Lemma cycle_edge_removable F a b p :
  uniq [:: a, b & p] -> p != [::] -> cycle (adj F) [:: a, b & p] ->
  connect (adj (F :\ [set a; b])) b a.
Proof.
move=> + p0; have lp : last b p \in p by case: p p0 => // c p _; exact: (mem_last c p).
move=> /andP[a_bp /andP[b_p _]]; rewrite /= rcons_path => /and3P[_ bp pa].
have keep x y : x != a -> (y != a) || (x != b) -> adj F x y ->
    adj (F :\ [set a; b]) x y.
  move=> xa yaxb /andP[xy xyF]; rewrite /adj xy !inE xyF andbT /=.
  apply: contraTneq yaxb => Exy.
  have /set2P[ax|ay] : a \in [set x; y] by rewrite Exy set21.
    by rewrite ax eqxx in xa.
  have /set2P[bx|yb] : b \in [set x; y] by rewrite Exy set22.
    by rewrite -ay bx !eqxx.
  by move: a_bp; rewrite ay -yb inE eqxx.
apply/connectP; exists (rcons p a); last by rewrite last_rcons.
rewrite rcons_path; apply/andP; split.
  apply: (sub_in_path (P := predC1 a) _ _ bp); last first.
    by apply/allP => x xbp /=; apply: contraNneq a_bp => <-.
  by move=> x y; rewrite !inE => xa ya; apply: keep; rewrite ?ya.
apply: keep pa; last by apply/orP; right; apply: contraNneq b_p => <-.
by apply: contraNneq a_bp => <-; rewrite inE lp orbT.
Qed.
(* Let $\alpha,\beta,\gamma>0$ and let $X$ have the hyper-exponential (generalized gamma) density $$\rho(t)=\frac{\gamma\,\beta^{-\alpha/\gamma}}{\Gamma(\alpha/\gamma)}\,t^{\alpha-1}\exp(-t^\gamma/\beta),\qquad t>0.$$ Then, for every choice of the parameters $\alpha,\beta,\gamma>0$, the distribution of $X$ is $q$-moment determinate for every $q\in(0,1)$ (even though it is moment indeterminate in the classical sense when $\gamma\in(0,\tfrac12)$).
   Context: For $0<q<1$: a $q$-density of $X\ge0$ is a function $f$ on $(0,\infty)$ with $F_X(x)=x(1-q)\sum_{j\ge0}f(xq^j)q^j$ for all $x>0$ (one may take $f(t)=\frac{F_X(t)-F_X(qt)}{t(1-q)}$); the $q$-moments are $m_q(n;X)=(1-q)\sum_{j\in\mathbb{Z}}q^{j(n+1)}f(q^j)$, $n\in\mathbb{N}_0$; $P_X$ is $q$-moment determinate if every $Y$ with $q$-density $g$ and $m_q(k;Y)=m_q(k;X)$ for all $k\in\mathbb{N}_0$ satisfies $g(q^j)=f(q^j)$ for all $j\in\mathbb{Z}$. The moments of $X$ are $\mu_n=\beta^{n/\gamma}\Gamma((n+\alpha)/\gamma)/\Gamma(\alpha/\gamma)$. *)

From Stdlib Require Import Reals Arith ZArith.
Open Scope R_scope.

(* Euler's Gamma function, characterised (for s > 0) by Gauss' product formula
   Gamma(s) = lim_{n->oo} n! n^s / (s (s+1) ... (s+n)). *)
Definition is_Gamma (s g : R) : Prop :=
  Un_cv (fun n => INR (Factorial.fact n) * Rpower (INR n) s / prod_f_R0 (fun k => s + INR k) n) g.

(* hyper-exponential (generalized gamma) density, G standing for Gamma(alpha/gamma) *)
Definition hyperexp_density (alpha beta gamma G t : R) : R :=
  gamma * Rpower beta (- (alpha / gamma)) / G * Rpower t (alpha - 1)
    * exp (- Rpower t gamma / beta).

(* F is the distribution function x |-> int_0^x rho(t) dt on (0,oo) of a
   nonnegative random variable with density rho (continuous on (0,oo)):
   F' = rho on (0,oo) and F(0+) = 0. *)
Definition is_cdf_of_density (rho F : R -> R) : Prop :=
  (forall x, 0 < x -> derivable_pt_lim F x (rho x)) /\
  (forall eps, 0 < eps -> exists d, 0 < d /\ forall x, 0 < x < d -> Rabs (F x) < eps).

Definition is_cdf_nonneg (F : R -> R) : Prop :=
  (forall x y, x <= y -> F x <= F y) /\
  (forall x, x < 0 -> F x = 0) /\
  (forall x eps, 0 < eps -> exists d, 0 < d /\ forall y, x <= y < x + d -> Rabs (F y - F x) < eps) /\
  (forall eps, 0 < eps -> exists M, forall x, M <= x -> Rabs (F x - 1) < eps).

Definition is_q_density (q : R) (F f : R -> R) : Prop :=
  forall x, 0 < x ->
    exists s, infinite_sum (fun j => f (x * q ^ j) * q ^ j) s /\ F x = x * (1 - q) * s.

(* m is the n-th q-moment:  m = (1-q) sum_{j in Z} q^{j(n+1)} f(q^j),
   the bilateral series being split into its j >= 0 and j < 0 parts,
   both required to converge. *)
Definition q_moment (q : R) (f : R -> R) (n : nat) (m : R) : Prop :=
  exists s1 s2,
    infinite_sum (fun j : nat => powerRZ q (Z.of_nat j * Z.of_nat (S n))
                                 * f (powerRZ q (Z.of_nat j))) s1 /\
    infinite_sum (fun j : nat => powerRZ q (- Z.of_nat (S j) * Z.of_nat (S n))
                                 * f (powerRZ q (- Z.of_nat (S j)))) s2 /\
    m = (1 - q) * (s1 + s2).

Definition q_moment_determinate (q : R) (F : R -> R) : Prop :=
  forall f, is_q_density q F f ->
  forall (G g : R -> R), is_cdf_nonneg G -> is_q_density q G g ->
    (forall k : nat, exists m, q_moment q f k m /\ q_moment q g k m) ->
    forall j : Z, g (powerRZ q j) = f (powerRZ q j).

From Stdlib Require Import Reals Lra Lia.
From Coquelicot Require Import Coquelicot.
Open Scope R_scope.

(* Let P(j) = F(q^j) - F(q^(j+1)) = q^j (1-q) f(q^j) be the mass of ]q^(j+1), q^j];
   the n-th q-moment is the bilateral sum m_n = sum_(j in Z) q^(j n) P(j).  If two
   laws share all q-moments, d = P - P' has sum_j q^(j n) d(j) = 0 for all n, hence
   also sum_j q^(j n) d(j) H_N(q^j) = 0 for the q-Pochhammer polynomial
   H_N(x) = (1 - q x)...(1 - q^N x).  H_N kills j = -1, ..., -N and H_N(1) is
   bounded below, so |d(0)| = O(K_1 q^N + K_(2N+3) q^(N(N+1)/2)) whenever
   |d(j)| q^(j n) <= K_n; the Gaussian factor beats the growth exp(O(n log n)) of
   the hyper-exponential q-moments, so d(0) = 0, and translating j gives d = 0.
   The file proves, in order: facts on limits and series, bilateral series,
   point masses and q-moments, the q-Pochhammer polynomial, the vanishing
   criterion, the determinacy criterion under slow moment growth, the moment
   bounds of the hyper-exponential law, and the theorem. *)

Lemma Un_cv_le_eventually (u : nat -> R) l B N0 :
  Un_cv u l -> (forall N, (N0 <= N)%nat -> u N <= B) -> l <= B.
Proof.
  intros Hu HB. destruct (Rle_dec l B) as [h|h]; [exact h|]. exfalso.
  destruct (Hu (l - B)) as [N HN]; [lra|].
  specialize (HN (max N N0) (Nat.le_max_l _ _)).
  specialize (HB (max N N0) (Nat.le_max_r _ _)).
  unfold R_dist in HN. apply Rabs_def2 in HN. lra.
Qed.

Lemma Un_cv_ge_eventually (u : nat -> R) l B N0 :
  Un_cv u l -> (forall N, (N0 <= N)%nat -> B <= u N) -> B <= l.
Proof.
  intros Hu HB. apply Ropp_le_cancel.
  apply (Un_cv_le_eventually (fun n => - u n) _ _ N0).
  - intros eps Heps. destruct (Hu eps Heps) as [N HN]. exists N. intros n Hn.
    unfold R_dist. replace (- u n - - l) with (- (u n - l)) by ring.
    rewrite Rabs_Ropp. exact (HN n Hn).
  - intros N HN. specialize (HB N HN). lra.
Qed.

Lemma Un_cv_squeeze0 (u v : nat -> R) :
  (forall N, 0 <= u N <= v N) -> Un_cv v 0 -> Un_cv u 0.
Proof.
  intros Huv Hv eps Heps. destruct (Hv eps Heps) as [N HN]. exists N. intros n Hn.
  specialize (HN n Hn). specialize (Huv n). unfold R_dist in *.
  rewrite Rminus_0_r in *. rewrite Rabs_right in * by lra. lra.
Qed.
-*-*-
Only what runs from the line containing "(forall N, 0" through the final line of the entries above belongs in the answer, restated exactly.

  (forall N, 0 <= u N <= v N) -> Un_cv v 0 -> Un_cv u 0.
Proof.
  intros Huv Hv eps Heps. destruct (Hv eps Heps) as [N HN]. exists N. intros n Hn.
  specialize (HN n Hn). specialize (Huv n). unfold R_dist in *.
  rewrite Rminus_0_r in *. rewrite Rabs_right in * by lra. lra.
Qed.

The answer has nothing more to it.